- [DATA TO EXAMINE]:

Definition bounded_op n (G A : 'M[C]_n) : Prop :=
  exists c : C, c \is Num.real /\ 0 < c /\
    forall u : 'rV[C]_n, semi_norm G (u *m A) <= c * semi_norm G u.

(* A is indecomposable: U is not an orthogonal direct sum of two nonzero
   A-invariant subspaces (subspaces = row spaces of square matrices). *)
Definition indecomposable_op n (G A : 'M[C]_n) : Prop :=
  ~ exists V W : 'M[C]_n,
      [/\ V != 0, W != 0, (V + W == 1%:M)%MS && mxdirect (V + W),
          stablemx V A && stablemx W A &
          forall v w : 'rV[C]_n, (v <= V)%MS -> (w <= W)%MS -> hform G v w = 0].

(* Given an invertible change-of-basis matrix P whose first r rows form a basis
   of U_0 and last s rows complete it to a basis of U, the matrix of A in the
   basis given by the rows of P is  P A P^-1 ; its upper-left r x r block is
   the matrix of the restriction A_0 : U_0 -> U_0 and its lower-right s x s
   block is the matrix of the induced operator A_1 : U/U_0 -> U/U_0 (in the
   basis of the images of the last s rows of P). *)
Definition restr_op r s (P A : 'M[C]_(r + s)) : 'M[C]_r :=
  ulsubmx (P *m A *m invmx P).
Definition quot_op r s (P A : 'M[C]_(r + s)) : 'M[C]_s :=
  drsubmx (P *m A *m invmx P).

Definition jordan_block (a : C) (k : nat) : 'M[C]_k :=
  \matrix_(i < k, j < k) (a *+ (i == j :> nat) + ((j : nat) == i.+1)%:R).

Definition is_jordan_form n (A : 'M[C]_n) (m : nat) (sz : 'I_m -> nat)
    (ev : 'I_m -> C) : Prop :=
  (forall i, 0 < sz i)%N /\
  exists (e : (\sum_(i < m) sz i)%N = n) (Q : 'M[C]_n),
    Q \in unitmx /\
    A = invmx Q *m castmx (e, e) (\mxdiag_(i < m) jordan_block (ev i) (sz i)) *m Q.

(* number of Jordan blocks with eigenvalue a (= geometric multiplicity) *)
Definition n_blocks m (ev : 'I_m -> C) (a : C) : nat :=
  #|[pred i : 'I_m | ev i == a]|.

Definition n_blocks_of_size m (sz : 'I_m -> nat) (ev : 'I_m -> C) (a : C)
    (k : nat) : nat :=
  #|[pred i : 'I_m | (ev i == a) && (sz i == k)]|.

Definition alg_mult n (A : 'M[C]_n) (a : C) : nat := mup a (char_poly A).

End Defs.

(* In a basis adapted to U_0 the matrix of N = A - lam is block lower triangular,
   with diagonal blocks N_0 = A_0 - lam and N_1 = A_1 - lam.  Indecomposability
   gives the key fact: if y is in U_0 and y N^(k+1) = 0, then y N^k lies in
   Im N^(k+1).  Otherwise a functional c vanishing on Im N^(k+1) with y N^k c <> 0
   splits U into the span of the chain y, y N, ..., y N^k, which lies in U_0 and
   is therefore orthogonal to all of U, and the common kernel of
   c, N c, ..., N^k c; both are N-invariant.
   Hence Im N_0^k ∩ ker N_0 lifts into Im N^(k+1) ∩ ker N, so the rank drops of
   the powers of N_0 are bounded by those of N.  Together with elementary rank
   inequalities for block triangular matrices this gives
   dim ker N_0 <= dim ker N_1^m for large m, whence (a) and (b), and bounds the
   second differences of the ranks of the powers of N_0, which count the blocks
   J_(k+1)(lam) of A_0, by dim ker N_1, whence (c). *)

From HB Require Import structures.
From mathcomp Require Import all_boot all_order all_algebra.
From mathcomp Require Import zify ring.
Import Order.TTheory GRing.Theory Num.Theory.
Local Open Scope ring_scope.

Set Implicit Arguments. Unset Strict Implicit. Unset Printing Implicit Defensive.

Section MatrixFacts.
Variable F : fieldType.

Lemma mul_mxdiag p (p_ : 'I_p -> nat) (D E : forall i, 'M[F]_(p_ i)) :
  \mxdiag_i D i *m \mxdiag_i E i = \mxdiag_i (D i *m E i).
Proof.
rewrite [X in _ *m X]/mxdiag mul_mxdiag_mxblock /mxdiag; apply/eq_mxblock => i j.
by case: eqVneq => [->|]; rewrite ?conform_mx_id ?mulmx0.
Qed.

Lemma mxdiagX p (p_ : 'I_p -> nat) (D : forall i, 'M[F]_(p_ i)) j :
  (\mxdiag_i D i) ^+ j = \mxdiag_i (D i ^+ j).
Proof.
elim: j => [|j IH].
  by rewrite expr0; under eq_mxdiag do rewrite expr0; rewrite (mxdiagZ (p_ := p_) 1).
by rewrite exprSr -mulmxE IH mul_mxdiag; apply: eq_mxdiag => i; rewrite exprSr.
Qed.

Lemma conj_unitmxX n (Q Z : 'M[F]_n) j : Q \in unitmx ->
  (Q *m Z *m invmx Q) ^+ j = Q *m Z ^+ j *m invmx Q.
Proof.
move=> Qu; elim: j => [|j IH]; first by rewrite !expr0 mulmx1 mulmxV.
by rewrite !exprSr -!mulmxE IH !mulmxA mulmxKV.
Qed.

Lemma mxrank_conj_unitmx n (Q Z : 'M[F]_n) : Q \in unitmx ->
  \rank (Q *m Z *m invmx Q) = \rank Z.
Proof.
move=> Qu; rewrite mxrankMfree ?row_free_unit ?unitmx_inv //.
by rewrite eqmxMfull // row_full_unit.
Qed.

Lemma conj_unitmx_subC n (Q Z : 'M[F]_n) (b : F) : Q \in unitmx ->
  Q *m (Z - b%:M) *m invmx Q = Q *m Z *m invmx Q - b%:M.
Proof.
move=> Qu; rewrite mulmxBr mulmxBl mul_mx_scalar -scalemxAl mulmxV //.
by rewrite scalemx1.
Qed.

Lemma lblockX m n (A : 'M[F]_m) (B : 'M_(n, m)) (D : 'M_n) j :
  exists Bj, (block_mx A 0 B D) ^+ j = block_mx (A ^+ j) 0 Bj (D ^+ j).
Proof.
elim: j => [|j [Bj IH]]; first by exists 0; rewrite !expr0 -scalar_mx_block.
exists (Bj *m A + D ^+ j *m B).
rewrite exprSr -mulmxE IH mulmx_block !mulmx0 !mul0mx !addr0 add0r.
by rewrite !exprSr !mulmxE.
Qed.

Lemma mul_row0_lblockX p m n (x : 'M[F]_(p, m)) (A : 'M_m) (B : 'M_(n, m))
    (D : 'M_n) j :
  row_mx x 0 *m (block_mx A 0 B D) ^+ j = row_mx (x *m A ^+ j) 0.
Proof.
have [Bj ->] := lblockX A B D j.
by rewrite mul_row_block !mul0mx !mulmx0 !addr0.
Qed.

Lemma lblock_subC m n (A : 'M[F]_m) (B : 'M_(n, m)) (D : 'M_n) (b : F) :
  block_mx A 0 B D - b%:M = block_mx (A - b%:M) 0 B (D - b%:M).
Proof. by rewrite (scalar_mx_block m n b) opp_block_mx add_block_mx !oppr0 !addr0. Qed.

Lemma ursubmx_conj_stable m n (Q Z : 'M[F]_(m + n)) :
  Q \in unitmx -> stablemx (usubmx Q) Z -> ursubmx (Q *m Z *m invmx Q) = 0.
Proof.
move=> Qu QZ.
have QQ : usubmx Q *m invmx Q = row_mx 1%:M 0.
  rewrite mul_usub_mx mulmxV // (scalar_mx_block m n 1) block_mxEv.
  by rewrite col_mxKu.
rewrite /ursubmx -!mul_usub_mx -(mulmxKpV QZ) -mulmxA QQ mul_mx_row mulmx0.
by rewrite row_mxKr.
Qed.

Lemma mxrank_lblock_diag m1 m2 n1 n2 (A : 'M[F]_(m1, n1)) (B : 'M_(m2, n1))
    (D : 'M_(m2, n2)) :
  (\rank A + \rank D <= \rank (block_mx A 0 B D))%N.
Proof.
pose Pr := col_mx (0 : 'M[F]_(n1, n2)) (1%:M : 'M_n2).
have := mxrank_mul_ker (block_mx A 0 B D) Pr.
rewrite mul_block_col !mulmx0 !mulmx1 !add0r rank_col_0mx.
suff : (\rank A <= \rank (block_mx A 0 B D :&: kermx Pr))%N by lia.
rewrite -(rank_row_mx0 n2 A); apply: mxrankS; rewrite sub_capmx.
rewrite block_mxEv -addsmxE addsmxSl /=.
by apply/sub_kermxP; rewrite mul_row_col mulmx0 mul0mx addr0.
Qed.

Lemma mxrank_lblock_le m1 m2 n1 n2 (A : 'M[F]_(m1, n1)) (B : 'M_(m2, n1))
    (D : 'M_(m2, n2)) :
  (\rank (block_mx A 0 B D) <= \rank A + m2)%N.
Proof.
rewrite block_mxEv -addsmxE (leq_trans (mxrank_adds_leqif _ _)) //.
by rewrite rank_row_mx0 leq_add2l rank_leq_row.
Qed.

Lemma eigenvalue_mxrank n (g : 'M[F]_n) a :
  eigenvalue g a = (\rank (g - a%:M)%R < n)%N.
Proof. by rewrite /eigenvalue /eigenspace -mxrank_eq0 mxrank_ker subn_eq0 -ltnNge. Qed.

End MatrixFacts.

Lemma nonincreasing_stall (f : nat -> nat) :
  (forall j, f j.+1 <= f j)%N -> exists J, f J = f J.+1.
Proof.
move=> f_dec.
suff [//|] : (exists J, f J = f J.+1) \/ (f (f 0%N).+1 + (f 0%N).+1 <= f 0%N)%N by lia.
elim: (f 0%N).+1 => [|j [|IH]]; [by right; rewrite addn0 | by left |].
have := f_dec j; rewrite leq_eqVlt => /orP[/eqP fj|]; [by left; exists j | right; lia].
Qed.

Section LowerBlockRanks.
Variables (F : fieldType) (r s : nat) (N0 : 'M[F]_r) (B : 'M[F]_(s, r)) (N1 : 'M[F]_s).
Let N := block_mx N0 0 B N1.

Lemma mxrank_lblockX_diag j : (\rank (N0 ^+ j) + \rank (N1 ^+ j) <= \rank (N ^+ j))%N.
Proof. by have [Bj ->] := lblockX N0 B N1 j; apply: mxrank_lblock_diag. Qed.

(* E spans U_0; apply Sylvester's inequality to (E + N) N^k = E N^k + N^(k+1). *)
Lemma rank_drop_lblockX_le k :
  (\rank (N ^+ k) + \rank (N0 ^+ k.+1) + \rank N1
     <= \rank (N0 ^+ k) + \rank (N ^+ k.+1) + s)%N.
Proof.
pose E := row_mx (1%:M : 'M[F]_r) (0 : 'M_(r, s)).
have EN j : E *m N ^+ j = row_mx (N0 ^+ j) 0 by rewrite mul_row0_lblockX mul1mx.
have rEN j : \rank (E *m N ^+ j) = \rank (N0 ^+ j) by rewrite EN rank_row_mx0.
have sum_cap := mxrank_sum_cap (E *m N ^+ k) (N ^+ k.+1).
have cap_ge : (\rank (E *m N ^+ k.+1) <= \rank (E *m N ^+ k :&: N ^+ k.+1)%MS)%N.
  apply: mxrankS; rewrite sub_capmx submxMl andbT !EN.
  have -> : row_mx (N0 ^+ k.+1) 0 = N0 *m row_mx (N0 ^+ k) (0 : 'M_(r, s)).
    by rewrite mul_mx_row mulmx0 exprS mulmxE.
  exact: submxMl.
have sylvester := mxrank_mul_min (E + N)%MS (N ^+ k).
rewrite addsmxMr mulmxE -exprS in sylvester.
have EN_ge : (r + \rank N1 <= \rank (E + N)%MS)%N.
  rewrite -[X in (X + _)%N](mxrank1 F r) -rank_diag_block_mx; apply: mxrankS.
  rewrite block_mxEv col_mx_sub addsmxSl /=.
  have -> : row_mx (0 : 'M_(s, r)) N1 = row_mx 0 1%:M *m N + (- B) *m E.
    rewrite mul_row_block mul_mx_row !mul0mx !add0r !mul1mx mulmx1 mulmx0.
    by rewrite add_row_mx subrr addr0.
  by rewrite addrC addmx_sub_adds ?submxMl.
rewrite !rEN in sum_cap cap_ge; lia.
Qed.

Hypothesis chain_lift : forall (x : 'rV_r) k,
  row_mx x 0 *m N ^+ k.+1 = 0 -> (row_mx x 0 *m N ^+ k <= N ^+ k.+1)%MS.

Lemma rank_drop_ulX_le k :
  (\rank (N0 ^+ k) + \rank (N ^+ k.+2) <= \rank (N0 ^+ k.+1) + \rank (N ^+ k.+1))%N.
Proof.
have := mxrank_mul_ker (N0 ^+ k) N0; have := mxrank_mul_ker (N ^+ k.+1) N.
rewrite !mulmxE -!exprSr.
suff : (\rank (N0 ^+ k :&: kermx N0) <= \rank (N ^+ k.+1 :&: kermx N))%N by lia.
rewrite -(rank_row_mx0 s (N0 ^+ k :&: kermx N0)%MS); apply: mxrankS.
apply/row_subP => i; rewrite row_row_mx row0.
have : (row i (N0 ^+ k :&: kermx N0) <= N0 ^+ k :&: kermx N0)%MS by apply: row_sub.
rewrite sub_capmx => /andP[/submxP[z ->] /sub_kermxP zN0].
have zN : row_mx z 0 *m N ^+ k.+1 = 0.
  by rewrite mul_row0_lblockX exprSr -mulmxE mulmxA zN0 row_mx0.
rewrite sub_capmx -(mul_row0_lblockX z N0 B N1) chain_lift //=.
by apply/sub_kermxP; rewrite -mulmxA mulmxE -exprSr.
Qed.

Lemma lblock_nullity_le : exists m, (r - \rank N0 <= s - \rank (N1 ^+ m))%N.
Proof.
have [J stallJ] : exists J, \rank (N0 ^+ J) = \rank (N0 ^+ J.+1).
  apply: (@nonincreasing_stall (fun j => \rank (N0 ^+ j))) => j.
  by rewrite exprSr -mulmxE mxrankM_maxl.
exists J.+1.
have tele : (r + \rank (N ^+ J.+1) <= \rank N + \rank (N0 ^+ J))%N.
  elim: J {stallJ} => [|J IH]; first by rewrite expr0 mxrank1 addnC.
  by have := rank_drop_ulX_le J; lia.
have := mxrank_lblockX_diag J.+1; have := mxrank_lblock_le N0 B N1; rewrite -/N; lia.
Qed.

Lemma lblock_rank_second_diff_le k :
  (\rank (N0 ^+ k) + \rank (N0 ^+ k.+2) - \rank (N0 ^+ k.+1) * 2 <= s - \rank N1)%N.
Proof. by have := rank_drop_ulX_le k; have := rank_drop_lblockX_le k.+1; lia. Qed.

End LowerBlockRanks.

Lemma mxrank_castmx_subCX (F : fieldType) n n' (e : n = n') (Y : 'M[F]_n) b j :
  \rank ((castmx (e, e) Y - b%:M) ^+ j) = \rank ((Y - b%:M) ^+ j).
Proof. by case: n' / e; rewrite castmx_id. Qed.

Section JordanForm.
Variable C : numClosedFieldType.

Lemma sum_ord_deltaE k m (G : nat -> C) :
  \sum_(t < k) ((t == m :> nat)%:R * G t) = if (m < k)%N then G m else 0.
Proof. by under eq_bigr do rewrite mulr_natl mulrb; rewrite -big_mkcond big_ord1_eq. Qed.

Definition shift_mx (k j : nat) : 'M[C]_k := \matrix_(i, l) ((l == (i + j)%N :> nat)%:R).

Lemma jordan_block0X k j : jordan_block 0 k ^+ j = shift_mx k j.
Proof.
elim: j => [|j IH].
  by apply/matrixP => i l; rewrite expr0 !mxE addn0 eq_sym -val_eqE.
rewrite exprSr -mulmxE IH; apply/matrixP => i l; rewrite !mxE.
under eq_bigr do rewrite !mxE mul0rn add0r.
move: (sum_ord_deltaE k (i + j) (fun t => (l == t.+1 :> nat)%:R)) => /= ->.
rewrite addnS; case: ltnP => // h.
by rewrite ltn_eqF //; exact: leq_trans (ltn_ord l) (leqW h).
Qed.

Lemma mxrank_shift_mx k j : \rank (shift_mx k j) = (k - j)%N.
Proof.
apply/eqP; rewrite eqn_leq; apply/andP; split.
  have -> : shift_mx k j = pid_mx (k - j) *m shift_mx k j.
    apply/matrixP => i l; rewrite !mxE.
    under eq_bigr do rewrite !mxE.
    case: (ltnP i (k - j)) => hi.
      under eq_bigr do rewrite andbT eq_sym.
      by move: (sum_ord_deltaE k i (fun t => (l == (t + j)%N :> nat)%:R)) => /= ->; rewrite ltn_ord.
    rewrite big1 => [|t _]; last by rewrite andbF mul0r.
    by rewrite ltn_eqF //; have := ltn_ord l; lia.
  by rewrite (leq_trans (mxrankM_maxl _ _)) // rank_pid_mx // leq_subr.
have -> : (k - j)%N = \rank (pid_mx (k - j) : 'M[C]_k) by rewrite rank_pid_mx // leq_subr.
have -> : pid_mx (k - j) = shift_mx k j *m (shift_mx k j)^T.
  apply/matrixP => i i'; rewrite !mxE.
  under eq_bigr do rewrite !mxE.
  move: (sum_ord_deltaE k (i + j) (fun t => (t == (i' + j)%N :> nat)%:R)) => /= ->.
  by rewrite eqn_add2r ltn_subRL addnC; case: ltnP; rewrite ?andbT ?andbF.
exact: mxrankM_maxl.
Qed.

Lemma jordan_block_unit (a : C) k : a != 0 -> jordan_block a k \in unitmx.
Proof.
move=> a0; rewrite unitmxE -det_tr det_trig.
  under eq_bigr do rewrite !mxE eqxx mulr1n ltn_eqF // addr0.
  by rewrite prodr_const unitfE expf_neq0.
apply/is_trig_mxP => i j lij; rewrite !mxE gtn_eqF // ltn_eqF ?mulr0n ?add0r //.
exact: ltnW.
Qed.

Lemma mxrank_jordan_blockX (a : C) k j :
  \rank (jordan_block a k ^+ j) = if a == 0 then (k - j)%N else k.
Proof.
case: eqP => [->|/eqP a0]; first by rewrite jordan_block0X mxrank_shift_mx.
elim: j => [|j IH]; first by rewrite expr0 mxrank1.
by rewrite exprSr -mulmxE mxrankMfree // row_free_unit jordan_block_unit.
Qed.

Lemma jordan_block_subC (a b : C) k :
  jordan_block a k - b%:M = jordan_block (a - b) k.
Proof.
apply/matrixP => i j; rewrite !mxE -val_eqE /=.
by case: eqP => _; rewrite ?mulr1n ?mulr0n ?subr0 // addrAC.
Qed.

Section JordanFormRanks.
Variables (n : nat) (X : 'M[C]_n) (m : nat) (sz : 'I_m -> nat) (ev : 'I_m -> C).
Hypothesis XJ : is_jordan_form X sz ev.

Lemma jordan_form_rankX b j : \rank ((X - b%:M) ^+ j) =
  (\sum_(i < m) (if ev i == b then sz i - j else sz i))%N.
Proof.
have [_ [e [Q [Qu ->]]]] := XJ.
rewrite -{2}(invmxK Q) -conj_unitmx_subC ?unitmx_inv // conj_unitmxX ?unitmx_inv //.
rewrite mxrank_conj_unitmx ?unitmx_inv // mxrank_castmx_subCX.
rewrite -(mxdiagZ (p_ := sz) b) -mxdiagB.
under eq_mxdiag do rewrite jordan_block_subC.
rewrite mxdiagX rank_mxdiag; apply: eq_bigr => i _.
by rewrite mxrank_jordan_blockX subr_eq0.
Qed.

- [REQUIREMENT]: Only the lines from the one containing "Lemma lblockX m" through the one containing "exists (Bj *m A + D ^+ j *m B)." are to be retyped, both boundary lines included, with no other material.

- [RESULT OF THE EXERCISE]:
Lemma lblockX m n (A : 'M[F]_m) (B : 'M_(n, m)) (D : 'M_n) j :
  exists Bj, (block_mx A 0 B D) ^+ j = block_mx (A ^+ j) 0 Bj (D ^+ j).
Proof.
elim: j => [|j [Bj IH]]; first by exists 0; rewrite !expr0 -scalar_mx_block.
exists (Bj *m A + D ^+ j *m B).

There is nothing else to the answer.